_Work instruction_
The word "minX" may appear in some lines of the data; copy every such line.

_Data to process_
━━━━━━━━━━━━━━━━
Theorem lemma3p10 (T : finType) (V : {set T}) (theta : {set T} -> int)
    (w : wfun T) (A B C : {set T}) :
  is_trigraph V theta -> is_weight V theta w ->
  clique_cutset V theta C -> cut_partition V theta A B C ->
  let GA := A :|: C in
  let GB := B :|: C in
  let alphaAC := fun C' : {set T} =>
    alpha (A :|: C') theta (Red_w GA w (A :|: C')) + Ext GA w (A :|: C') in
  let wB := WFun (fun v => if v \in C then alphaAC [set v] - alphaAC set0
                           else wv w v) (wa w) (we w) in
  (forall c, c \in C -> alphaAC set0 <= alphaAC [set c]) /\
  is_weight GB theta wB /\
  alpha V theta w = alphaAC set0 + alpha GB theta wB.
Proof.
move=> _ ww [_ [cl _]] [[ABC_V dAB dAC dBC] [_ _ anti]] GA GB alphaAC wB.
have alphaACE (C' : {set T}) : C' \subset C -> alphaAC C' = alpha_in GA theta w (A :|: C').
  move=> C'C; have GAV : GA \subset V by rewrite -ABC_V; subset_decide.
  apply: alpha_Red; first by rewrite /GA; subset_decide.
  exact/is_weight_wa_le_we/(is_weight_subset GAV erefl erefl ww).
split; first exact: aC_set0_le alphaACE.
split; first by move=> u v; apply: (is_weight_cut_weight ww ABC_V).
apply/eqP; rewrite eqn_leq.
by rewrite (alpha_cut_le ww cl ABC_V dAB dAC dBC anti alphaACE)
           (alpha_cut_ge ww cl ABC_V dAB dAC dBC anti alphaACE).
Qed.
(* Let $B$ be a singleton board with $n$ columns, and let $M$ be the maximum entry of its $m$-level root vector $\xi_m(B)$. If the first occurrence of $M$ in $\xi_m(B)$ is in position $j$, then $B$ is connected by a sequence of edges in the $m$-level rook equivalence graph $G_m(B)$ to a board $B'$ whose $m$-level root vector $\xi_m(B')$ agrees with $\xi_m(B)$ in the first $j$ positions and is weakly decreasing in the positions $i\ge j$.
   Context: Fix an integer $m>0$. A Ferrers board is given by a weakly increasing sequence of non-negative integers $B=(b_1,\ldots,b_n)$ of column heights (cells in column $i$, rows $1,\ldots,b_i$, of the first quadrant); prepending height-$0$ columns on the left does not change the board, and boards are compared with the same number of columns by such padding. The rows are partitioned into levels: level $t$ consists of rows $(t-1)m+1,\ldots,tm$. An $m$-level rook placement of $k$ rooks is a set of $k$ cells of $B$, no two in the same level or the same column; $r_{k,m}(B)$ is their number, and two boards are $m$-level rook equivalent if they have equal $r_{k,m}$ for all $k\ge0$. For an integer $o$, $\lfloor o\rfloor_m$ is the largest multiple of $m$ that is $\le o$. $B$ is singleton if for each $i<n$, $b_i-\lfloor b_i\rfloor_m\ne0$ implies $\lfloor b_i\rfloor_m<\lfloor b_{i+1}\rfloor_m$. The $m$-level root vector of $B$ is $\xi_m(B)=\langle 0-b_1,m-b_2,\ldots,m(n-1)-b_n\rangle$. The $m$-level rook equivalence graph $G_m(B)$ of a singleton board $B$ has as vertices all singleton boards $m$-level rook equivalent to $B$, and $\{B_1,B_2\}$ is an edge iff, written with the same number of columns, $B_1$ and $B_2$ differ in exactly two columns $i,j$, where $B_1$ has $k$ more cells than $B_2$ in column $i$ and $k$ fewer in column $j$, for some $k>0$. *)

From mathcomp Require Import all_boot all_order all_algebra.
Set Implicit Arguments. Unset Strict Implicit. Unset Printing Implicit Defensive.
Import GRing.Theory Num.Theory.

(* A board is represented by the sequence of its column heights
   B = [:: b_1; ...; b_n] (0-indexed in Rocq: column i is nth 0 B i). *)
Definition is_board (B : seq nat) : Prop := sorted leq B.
━━━━━━━━━━━━━━━━
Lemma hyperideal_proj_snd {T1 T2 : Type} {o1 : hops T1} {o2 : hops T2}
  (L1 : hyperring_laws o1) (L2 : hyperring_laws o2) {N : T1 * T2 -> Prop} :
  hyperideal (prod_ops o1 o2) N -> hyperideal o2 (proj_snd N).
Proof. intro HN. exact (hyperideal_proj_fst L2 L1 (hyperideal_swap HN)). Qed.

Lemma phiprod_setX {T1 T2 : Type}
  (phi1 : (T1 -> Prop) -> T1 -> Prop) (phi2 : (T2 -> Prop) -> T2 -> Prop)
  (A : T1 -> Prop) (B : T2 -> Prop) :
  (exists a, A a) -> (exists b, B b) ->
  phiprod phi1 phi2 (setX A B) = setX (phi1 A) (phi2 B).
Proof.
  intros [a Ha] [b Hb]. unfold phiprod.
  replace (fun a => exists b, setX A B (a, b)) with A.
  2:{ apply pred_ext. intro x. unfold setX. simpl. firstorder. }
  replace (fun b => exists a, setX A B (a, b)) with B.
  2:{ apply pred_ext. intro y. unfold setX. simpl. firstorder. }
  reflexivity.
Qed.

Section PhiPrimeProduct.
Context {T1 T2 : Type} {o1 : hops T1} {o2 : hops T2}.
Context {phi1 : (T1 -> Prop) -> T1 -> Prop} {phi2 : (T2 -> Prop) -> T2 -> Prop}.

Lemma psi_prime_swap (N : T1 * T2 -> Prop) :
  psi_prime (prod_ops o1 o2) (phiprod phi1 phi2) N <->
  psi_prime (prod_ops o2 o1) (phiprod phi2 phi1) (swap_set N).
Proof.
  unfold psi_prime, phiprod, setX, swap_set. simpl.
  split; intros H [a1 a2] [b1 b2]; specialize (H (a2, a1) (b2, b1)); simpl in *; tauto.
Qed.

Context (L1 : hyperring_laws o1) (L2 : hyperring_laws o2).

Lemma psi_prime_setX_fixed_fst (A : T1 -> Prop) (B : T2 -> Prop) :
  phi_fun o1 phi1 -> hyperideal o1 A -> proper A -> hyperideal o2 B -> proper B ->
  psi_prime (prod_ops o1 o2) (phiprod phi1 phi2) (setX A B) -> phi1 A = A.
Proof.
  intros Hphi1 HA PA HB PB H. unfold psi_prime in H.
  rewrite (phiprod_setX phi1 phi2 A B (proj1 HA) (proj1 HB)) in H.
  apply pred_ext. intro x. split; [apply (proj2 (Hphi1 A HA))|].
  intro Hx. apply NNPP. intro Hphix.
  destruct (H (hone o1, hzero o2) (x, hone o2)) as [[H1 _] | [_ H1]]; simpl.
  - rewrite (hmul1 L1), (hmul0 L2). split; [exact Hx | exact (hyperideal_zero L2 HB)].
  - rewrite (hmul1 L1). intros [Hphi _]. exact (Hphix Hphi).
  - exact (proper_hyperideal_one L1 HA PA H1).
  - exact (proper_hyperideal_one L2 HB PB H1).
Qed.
━━━━━━━━━━━━━━━━
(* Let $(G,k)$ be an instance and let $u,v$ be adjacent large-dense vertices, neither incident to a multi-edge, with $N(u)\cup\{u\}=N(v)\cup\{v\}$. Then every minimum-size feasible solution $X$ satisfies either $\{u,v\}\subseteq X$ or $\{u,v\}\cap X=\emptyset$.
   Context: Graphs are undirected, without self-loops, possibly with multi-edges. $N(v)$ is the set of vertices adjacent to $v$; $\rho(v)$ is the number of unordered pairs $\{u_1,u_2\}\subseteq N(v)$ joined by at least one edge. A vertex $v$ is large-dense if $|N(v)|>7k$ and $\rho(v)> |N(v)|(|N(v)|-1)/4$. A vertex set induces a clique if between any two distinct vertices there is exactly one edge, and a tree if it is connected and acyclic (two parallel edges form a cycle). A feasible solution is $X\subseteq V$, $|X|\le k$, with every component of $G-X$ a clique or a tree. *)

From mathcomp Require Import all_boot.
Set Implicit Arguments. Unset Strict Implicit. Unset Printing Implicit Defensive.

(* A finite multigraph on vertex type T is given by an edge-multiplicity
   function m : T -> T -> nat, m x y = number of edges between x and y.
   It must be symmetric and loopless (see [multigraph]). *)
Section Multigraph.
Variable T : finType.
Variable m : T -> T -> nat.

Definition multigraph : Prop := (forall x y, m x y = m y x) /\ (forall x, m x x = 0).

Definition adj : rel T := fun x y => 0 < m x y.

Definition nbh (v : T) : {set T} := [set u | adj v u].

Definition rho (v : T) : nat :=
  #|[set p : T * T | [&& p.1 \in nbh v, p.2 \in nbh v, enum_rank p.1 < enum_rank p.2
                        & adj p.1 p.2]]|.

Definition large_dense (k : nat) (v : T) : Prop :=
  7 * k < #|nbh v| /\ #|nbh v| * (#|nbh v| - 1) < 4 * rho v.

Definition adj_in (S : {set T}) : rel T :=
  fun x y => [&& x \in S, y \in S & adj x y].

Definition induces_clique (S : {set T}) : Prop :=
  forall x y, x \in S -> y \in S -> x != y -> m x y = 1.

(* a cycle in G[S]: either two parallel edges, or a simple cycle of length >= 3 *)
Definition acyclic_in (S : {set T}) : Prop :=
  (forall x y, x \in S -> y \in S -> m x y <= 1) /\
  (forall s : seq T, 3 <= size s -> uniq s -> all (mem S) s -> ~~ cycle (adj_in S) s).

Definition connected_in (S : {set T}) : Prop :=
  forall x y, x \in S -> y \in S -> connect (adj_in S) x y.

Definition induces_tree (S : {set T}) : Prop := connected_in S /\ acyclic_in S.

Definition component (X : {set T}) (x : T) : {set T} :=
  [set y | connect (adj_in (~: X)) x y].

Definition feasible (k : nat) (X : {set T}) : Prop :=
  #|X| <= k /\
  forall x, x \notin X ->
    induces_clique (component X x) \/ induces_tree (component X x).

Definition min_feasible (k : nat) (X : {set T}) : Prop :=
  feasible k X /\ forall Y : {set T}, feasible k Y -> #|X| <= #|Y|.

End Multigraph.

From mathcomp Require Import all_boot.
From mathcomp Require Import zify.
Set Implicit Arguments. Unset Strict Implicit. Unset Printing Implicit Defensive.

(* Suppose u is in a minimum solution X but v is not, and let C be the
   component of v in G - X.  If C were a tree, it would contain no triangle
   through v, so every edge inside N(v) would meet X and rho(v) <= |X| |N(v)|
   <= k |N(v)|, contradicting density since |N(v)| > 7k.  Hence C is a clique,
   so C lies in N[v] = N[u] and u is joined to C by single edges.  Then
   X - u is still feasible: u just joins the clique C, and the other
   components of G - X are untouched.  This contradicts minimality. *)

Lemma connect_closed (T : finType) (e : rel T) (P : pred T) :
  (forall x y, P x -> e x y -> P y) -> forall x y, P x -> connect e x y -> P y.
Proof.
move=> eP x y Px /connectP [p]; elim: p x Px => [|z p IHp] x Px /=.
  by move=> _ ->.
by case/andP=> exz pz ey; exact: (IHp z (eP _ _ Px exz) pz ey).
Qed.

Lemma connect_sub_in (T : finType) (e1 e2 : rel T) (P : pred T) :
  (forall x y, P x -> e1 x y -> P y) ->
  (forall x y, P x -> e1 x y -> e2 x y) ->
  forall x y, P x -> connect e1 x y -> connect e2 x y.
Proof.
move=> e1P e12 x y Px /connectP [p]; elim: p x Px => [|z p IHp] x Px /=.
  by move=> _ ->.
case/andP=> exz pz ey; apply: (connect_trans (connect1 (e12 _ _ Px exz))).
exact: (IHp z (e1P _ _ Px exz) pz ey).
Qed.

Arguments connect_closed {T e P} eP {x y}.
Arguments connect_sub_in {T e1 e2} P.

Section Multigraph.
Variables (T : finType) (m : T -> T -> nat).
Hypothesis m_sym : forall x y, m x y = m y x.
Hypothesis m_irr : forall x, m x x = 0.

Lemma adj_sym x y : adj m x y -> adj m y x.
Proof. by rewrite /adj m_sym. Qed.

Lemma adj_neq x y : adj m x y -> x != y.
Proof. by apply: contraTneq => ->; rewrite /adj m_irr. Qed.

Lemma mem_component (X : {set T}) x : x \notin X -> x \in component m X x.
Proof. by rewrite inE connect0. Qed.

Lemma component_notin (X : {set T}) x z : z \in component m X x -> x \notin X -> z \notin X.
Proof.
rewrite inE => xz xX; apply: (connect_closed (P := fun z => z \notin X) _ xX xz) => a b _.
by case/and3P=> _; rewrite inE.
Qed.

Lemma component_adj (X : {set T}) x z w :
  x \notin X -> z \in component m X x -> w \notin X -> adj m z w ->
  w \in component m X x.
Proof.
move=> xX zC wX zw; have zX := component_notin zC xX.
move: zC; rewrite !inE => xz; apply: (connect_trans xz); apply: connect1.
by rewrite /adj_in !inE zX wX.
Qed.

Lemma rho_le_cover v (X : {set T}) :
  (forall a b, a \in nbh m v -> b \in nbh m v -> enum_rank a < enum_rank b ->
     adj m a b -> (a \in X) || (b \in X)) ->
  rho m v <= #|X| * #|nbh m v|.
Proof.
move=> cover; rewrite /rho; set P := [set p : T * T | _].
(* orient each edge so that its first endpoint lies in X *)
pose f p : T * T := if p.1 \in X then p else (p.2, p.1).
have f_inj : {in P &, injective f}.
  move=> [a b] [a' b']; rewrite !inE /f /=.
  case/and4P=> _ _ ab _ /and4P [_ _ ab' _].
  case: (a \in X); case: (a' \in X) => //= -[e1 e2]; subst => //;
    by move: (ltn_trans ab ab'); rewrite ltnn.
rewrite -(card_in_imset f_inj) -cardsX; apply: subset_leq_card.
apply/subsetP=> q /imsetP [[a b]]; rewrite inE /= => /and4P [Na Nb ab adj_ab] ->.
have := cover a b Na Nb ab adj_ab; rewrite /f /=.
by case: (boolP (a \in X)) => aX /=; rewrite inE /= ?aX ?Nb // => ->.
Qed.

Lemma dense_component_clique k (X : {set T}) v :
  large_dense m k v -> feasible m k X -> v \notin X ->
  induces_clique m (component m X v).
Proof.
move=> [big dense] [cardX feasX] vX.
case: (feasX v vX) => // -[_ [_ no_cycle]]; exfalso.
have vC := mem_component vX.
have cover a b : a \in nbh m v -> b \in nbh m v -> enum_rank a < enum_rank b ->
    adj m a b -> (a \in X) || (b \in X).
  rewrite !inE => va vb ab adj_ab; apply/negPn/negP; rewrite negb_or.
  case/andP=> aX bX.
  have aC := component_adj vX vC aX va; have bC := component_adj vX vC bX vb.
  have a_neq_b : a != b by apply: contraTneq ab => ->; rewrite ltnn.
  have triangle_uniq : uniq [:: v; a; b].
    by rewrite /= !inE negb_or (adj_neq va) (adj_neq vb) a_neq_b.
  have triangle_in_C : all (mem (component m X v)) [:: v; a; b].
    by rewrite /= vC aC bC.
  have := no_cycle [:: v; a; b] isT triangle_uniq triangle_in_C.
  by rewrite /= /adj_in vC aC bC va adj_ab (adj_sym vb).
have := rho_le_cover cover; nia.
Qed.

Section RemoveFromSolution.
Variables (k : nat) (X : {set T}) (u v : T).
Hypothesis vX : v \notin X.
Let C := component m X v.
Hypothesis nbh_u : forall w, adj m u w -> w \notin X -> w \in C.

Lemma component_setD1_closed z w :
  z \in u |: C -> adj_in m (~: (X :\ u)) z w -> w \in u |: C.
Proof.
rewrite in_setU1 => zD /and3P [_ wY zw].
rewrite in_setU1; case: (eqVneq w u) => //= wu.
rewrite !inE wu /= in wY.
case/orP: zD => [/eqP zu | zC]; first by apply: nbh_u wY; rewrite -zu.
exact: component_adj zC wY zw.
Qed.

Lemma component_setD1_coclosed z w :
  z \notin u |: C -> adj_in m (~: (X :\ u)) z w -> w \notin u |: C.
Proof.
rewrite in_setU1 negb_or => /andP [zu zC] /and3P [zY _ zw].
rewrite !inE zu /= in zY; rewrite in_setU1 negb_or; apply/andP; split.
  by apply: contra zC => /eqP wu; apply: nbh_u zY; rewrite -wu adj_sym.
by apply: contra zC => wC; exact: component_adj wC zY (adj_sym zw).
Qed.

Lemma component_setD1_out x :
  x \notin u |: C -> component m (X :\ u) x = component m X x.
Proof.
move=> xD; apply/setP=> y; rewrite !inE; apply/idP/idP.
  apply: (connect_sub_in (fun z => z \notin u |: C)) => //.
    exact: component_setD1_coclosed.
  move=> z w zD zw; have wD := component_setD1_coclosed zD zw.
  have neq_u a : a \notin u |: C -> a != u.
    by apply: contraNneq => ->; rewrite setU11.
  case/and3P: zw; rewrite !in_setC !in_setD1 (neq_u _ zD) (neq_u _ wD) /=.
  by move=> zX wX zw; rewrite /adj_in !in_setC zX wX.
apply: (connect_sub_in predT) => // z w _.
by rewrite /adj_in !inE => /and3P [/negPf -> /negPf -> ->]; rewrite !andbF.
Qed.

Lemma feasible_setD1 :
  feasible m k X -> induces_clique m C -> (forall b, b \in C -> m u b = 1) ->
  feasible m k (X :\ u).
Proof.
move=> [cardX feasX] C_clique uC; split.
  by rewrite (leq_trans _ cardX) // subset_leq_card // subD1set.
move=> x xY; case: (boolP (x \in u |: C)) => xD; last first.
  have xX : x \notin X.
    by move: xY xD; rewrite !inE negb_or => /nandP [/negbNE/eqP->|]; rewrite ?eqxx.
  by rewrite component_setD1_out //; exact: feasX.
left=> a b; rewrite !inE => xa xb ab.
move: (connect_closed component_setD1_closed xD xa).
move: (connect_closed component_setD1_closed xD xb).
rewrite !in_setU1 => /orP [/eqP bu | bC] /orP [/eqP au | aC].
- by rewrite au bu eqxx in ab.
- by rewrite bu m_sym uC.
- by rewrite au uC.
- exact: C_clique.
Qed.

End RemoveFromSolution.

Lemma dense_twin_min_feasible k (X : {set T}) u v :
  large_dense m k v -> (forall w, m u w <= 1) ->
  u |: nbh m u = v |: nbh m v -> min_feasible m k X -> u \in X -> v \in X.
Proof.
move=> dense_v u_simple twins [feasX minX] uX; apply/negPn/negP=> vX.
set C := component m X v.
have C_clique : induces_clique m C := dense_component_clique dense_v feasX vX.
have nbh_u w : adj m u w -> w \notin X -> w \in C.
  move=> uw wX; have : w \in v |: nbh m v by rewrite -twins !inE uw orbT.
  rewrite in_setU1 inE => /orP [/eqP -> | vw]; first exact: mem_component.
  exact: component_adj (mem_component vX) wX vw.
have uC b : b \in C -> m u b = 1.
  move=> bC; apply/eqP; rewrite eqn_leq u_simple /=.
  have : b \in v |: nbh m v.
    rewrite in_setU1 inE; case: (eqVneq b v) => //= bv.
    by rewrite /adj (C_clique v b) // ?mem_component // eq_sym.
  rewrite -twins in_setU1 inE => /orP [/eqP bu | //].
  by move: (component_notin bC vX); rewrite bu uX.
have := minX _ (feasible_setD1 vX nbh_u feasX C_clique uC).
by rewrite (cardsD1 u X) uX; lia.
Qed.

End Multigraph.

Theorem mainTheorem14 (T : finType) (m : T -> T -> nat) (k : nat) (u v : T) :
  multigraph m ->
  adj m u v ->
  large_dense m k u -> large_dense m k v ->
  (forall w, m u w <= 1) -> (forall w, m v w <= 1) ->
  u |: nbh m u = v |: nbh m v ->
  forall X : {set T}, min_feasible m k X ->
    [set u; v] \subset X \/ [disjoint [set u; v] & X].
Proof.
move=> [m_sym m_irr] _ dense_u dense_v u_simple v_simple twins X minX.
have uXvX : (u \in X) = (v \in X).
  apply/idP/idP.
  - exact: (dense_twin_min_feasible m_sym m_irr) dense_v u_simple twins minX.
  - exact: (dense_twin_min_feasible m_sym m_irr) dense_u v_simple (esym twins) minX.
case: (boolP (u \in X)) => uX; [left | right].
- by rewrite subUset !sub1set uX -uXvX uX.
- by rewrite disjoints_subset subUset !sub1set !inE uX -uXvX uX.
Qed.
━━━━━━━━━━━━━━━━
_Written solution_
move=> dense_v u_simple twins [feasX minX] uX; apply/negPn/negP=> vX.
have := minX _ (feasible_setD1 vX nbh_u feasX C_clique uC).
move=> [m_sym m_irr] _ dense_u dense_v u_simple v_simple twins X minX.
  - exact: (dense_twin_min_feasible m_sym m_irr) dense_v u_simple twins minX.
  - exact: (dense_twin_min_feasible m_sym m_irr) dense_u v_simple (esym twins) minX.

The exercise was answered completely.